Obviously, “more is better” until the pulse frequency is too high to process. But my goal this time is absolute minimum cost. I’d say a $2 difference matters.
This is for an open source robotics project and it only makes sense to do the project if the cost is low.
My idea for an ultra-low cost encoder is to print out a bar code and wrap it around the outside of a spinning motor housing. Then count the bars with an optical sensor. These sensors cost about $1.50 each. Two required for quadrature.
This gets easier to build at lower resolutions. But the encoder is used for commutation. I don’t have a good feel for what resolution is needed
Check out 40 Cent sensing technique for the cheapest a community member has come up with. I’ve seen this work and it’s quite awesome
I actually thought of this method. But I did not know if the resolution would be good enough. There are only 18 magnets and you have to interpolet the waveform.
Actualy, my plan was to make the sensor. Wind magnet wire around an iron shaft that is about 3mm diameter The varying magnetic field would induce voltage in the wire.
If you know how the pickup in an electric guitar works, it is kind of like that. You get a psuedo-sine wave out. Or if you know about a “tone wheel” in an old Hammond organ" it is more like that than a guitar.
But if hall effect sensor cost < $1, they are cheaper than magnet wire.
So we don’t really need much resolution?
No, the more resolution the better. Hall Sensors (digital style) are not super-accurate and it causes problems.
But the linear hall sensors, in a properly calibrated system, have the potential to be highly accurate… its just hard to set up, I’m guessing.
But they would give you potentially, theoretically, maybe, possibly several times the ADC resolution within a single electrical rotation…
Inductive sensors, like the ones you describe but industrialised, are among the most accurate and expensive rotary position sensors - AFAIK people haven’t used them with SimpleFOC so far, but it should be quite possible.
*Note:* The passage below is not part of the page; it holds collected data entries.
Lemma strict_increasing_inj g : strict_increasing g -> forall x y, g x = g y -> x = y.
Proof.
  intros Hg x y E.
  destruct (Rtotal_order x y) as [H | [H | H]]; [apply Hg in H; lra | exact H | apply Hg in H; lra].
Qed.

Lemma strict_increasing_inverse g ginv :
  strict_increasing g -> (forall x, g (ginv x) = x) -> strict_increasing ginv.
Proof.
  intros Hg Hinv x y Hxy.
  destruct (Rlt_or_le (ginv x) (ginv y)) as [H | H]; [exact H |].
  apply (strict_increasing_le g Hg) in H. rewrite !Hinv in H. lra.
Qed.

Lemma strict_increasing_iter g n : strict_increasing g -> strict_increasing (Nat.iter n g).
Proof. intro Hg; induction n as [|n IH]; intros x y Hxy; simpl; auto. Qed.

Lemma fixed_of_square_fixed g z : strict_increasing g -> g (g z) = z -> g z = z.
Proof.
  intros Hg E.
  destruct (Rtotal_order z (g z)) as [H | [H | H]]; auto; pose proof (Hg _ _ H); lra.
Qed.

Lemma continuous_injective_monotone g :
  continuity g -> (forall x y, g x = g y -> x = y) ->
  strict_increasing g \/ strict_decreasing g.
Proof.
  intros Hc Hinj.
  destruct (classic (strict_increasing g)) as [Hinc | Hninc]; [left; exact Hinc | right].
  intros x y Hxy. destruct (Rlt_or_le (g y) (g x)) as [H | Hle]; [exact H | exfalso].
  assert (Hgxy : g x < g y) by (destruct Hle as [H | E]; [exact H | apply Hinj in E; lra]).
  apply Hninc. intros x1 y1 Hxy1.
  destruct (Rlt_or_le (g x1) (g y1)) as [H | Hle1]; [exact H | exfalso].
  assert (Hgxy1 : g y1 < g x1) by (destruct Hle1 as [H | E]; [exact H | apply Hinj in E; lra]).
  (* Along the segment from (x1, y1) to (x, y) the sign of g(upper) - g(lower) flips,
     so two distinct points have the same image. *)
  destruct (IVT (fun t => g ((1 - t) * y1 + t * y) - g ((1 - t) * x1 + t * x)) 0 1)
    as [t [[Ht0 Ht1] Ht]].
  - apply (continuity_minus (comp g (fun t => (1 - t) * y1 + t * y))
                            (comp g (fun t => (1 - t) * x1 + t * x)));
      apply continuity_comp; auto; apply derivable_continuous; reg.
  - lra.
  - rewrite !Rminus_0_r, !Rmult_1_l, !Rmult_0_l, !Rplus_0_r. lra.
  - replace ((1 - 1) * y1 + 1 * y) with y by ring.
    replace ((1 - 1) * x1 + 1 * x) with x by ring. lra.
  - assert (E : (1 - t) * y1 + t * y = (1 - t) * x1 + t * x) by (apply Hinj; lra).
    assert (0 <= (1 - t) * (y1 - x1)) by (apply Rmult_le_pos; lra).
    destruct Ht0 as [Ht0 | <-]; [|nra].
    assert (0 < t * (y - x)) by (apply Rmult_lt_0_compat; lra). nra.
Qed.

Lemma iter_fixed (g : R -> R) x n : g x = x -> Nat.iter n g x = x.
Proof. intro Hx; induction n as [|n IH]; simpl; [reflexivity | rewrite IH; exact Hx]. Qed.

Lemma iter_cancel (g ginv : R -> R) n x :
  (forall y, g (ginv y) = y) -> Nat.iter n g (Nat.iter n ginv x) = x.
Proof.
  intro Hinv; induction n as [|n IH]; [reflexivity |].
  rewrite Nat.iter_succ_r, Nat.iter_succ, Hinv. exact IH.
Qed.

Lemma iter_preserves_fixed (g h : R -> R) x :
  (forall y, h y = y -> h (g y) = g y) -> h x = x ->
  forall n, h (Nat.iter n g x) = Nat.iter n g x.
Proof. intros Hgh Hx n; induction n as [|n IH]; simpl; auto. Qed.

Lemma seq_lt_of_succ (u : nat -> R) :
  (forall n, u n < u (S n)) -> forall m n, (m < n)%nat -> u m < u n.
Proof.
  intros Hu m n Hmn; induction Hmn as [|n _ IH]; [apply Hu | apply Rlt_trans with (u n); auto].
Qed.

Lemma orbit_lt g x :
  strict_increasing g -> x < g x -> forall m n, (m < n)%nat -> Nat.iter m g x < Nat.iter n g x.
Proof.
  intros Hg Hx. apply (seq_lt_of_succ (fun k => Nat.iter k g x)).
  intro k. rewrite Nat.iter_succ_r. apply strict_increasing_iter; assumption.
Qed.

Lemma orbit_gt g x :
  strict_increasing g -> g x < x -> forall m n, (m < n)%nat -> Nat.iter n g x < Nat.iter m g x.
Proof.
  intros Hg Hx m n Hmn.
  enough (- Nat.iter m g x < - Nat.iter n g x) by lra.
  apply (seq_lt_of_succ (fun k => - Nat.iter k g x)); [| exact Hmn].
  intro k. rewrite Nat.iter_succ_r. apply Ropp_lt_contravar, strict_increasing_iter; assumption.
Qed.

Lemma iter_nontrivial g z n : strict_increasing g -> g z <> z -> (0 < n)%nat -> Nat.iter n g z <> z.
Proof.
  intros Hg Hz Hn.
  destruct (Rtotal_order z (g z)) as [H | [H | H]]; [| congruence |].
  - pose proof (orbit_lt g z Hg H 0 n Hn). simpl in *. lra.
  - pose proof (orbit_gt g z Hg H 0 n Hn). simpl in *. lra.
Qed.

Lemma orbit_le_fixed g x q n : strict_increasing g -> x <= q -> g q = q -> Nat.iter n g x <= q.
Proof.
  intros Hg Hxq Hq. rewrite <- (iter_fixed g q n Hq).
  apply strict_increasing_le; [apply strict_increasing_iter|]; assumption.
Qed.

Lemma orbit_ge_fixed g x q n : strict_increasing g -> q <= x -> g q = q -> q <= Nat.iter n g x.
Proof.
  intros Hg Hxq Hq. rewrite <- (iter_fixed g q n Hq).
  apply strict_increasing_le; [apply strict_increasing_iter|]; assumption.
Qed.

Definition mirror (g : R -> R) (x : R) : R := - g (- x).

Lemma continuity_mirror g : continuity g -> continuity (mirror g).
Proof.
  intro Hg. apply (continuity_opp (comp g Ropp)), continuity_comp; [|exact Hg].
  apply continuity_opp, derivable_continuous, derivable_id.
Qed.

Lemma strict_increasing_mirror g : strict_increasing g -> strict_increasing (mirror g).
Proof. intros Hg x y Hxy. unfold mirror. apply Ropp_lt_contravar, Hg. lra. Qed.

Lemma homeo_pair_mirror g ginv : is_homeo_pair g ginv -> is_homeo_pair (mirror g) (mirror ginv).
Proof.
  intros (Hc & Hci & Hl & Hr).
  repeat split; try apply continuity_mirror; auto;
    intro x; unfold mirror; rewrite Ropp_involutive; [rewrite Hl | rewrite Hr]; lra.
Qed.

Lemma iter_mirror g n x : Nat.iter n (mirror g) x = - Nat.iter n g (- x).
Proof.
  induction n as [|n IH]; [simpl; lra|].
  rewrite !Nat.iter_succ, IH. unfold mirror. rewrite Ropp_involutive. reflexivity.
Qed.

Lemma continuous_fixes_limit h u L :
  continuity h -> Un_cv u L -> (forall n, h (u n) = u n) -> h L = L.
Proof.
  intros Hh HL Hu. apply (UL_sequence (fun n => h (u n))).
  - apply continuity_seq; [apply Hh | exact HL].
  - apply (Un_cv_ext u); [intro n; symmetry; apply Hu | exact HL].
Qed.

Lemma orbit_limit_up g x U :
  strict_increasing g -> continuity g -> x < g x -> (forall n, Nat.iter n g x <= U) ->
  exists L, Un_cv (fun n => Nat.iter n g x) L /\ g L = L /\ x < L <= U.
Proof.
  intros Hg Hc Hx HU.
  assert (Hgrow : Un_growing (fun n => Nat.iter n g x))
    by (intro n; left; apply orbit_lt; auto).
  destruct (growing_cv _ Hgrow) as [L HL]; [exists U; intros r [n ->]; apply HU |].
  exists L. split; [exact HL | split; [| split]].
  - apply (UL_sequence (fun n => Nat.iter (S n) g x)).
    + apply continuity_seq; [apply Hc | exact HL].
    + apply (Un_cv_ext (fun n => Nat.iter (n + 1) g x));
        [intro n; rewrite Nat.add_1_r; reflexivity | apply CV_shift', HL].
  - pose proof (growing_ineq _ _ Hgrow HL 1). simpl in *. lra.
  - apply (Rle_cv_lim HU HL). intros e He. exists O. intros. unfold R_dist.
    rewrite Rminus_diag, Rabs_R0. exact He.
Qed.

Lemma orbit_limit_down g x U :
  strict_increasing g -> continuity g -> g x < x -> (forall n, U <= Nat.iter n g x) ->
  exists L, Un_cv (fun n => Nat.iter n g x) L /\ g L = L /\ U <= L < x.
Proof.
  intros Hg Hc Hx HU.
  destruct (orbit_limit_up (mirror g) (- x) (- U)) as (L & HL & HgL & HxL).
  - apply strict_increasing_mirror, Hg.
  - apply continuity_mirror, Hc.
  - unfold mirror. rewrite Ropp_involutive. lra.
  - intro n. rewrite iter_mirror, Ropp_involutive. specialize (HU n). lra.
  - exists (- L). split; [| unfold mirror in HgL; split; lra].
    apply (Un_cv_ext (opp_seq (fun n => Nat.iter n (mirror g) (- x)))); [| apply CV_opp, HL].
    intro n. unfold opp_seq. rewrite iter_mirror, !Ropp_involutive. reflexivity.
Qed.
Its what high-end industrial robots and positioning systems use.
You also have to think about ease of use - the linear hall setup is super-cool, but its a big barrier for people to attach them to the motor in the right place, wire it all up, get reliable ADC working and then run complex calibration procedures.
So the cost savings of the 40c price-tag come with a hefty penalty in usability.
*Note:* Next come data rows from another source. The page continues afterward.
Lemma K_recurrence (q : C) (n : nat) : Cmod q < 1 ->
  K (S n) q + q * sum_n (fun k => RtoC (binomR (S n) k) * (Cpow q k * K k q)) (S n) = 0.
Proof.
  intro Hq. pose proof (one_minus_neq0 q Hq) as Hq1.
  assert (Hseq : (fun l => Kseq q l + q * (Cpow q l * Kseq q l)) = (fun _ => 1)).
  { apply functional_extensionality. intro l. unfold Kseq.
    pose proof (one_plus_Cpow_neq0 q l Hq). simpl Cpow in *. field_C. assumption. }
  pose proof (qdiff_const q 1 n 0) as H0.
  rewrite <- Hseq, qdiff_linear, qdiff_qpow_mul in H0 by exact Hq1.
  rewrite (sum_n_ext _ (fun k => qint2 q * (RtoC (binomR (S n) k) *
                                   (Cpow q k * qdiff q (Kseq q) k 0))))
    by (intro k; rewrite K_qdiff by exact Hq1; ring_C).
  rewrite sum_n_Cmult_l, K_qdiff, <- (Cmult_0_r (qint2 q)), <- H0 by exact Hq1.
  simpl Cpow. ring_C.
Qed.

Lemma K_succ (q : C) (n : nat) : Cmod q < 1 ->
  K (S n) q = - q * sum_n (fun k => RtoC (binomR (S n) k) * (Cpow q k * K k q)) n
              / (1 + Cpow q (S (S n))).
Proof.
  intro Hq. pose proof (K_recurrence q n Hq) as H.
  pose proof (one_plus_Cpow_neq0 q (S n) Hq) as HD.
  rewrite sum_n_succ_r in H. unfold binomR at 2 in H. rewrite Rcomplements.C_n_n in H.
  set (s := sum_n _ n) in *. set (D := 1 + Cpow q (S (S n))) in *.
  replace (- q * s) with (K (S n) q * D - (K (S n) q + q * (s + 1 * (Cpow q (S n) * K (S n) q))))
    by (unfold D; simpl Cpow; ring_C).
  rewrite H. field_C. exact HD.
Qed.

Lemma K_0 (q : C) : Cmod q < 1 -> K 0 q = 1.
Proof.
  intro Hq. pose proof (one_plus_Cpow_neq0 q 0 Hq) as HD.
  unfold K, qint2, binomR. rewrite sum_O, Rcomplements.C_n_0. simpl Cpow in *.
  field_C. rewrite Cmult_1_r in HD. exact HD.
Qed.

Lemma Cmod_Cinv_sub_le (z b : C) : b <> 0 -> (Cmod (z - b) <= Cmod b / 2)%R ->
  (Cmod (/ z - / b) <= 2 * Cmod (z - b) / Cmod b ^ 2)%R.
Proof.
  intros Hb Hzb. pose proof (Cmod_gt_0 b) as Hr. apply Hr in Hb as Hb'.
  assert (Hz : (Cmod b / 2 <= Cmod z)%R).
  { pose proof (Cmod_triangle z (b - z)) as Htri.
    replace (z + (b - z)) with b in Htri by ring_C.
    replace (b - z) with (- (z - b)) in Htri by ring_C.
    rewrite Cmod_opp in Htri. lra. }
  assert (Hz0 : z <> 0) by (intro H0; rewrite H0, Cmod_0 in Hz; lra).
  replace (/ z - / b) with (- (z - b) / (z * b)) by (field_C; auto).
  rewrite Cmod_div, Cmod_opp, Cmod_mult by (apply Cmult_neq_0; auto).
  unfold Rdiv. rewrite (Rmult_comm 2), Rmult_assoc.
  apply Rmult_le_compat_l; [apply Cmod_ge_0|].
  replace (2 * / Cmod b ^ 2)%R with (/ (Cmod b / 2 * Cmod b))%R by (field; lra).
  apply Rinv_le_contravar; nra.
Qed.

Section ComplexLimits.

Context {T : Type} {F : (T -> Prop) -> Prop} {FF : Filter F}.

Lemma filterlim_Cplus (f g : T -> C) (a b : C) :
  filterlim f F (locally a) -> filterlim g F (locally b) ->
  filterlim (fun x => f x + g x) F (locally (a + b)).
Proof.
  intros Hf Hg. eapply filterlim_comp_2; [exact Hf | exact Hg |].
  apply (@filterlim_plus C_AbsRing C_NormedModule).
Qed.

Lemma filterlim_Copp (f : T -> C) (a : C) :
  filterlim f F (locally a) -> filterlim (fun x => - f x) F (locally (- a)).
Proof. intro Hf. exact (filterlim_comp _ _ _ f _ F _ _ Hf (@filterlim_opp C_AbsRing C_NormedModule a)). Qed.

Lemma filterlim_Cmult (f g : T -> C) (a b : C) :
  filterlim f F (locally a) -> filterlim g F (locally b) ->
  filterlim (fun x => f x * g x) F (locally (a * b)).
Proof.
  intros Hf Hg. eapply filterlim_comp_2; [exact Hf | exact Hg |].
  intros P HP. apply locally_C in HP.
  destruct (@filterlim_mult C_AbsRing a b P HP) as [Q R HQ HR HQR].
  apply (Filter_prod _ _ _ Q R); [apply locally_C, HQ | apply locally_C, HR | exact HQR].
Qed.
I personally find the magnetic sensors and optical encoders strike a good balance between usability and cost.
If we want to do a bit of math we could relate the PWM resolution, the motor’s pole-pairs and dimensions to the encoder resolutions required…
Perhaps I’ll get to that later to try to answer your question in a fully general way.
OK, I had hoped that someone had already done this long ago and they could just point me to the answer.
Or, I could just read the code and see how the encoder data is used.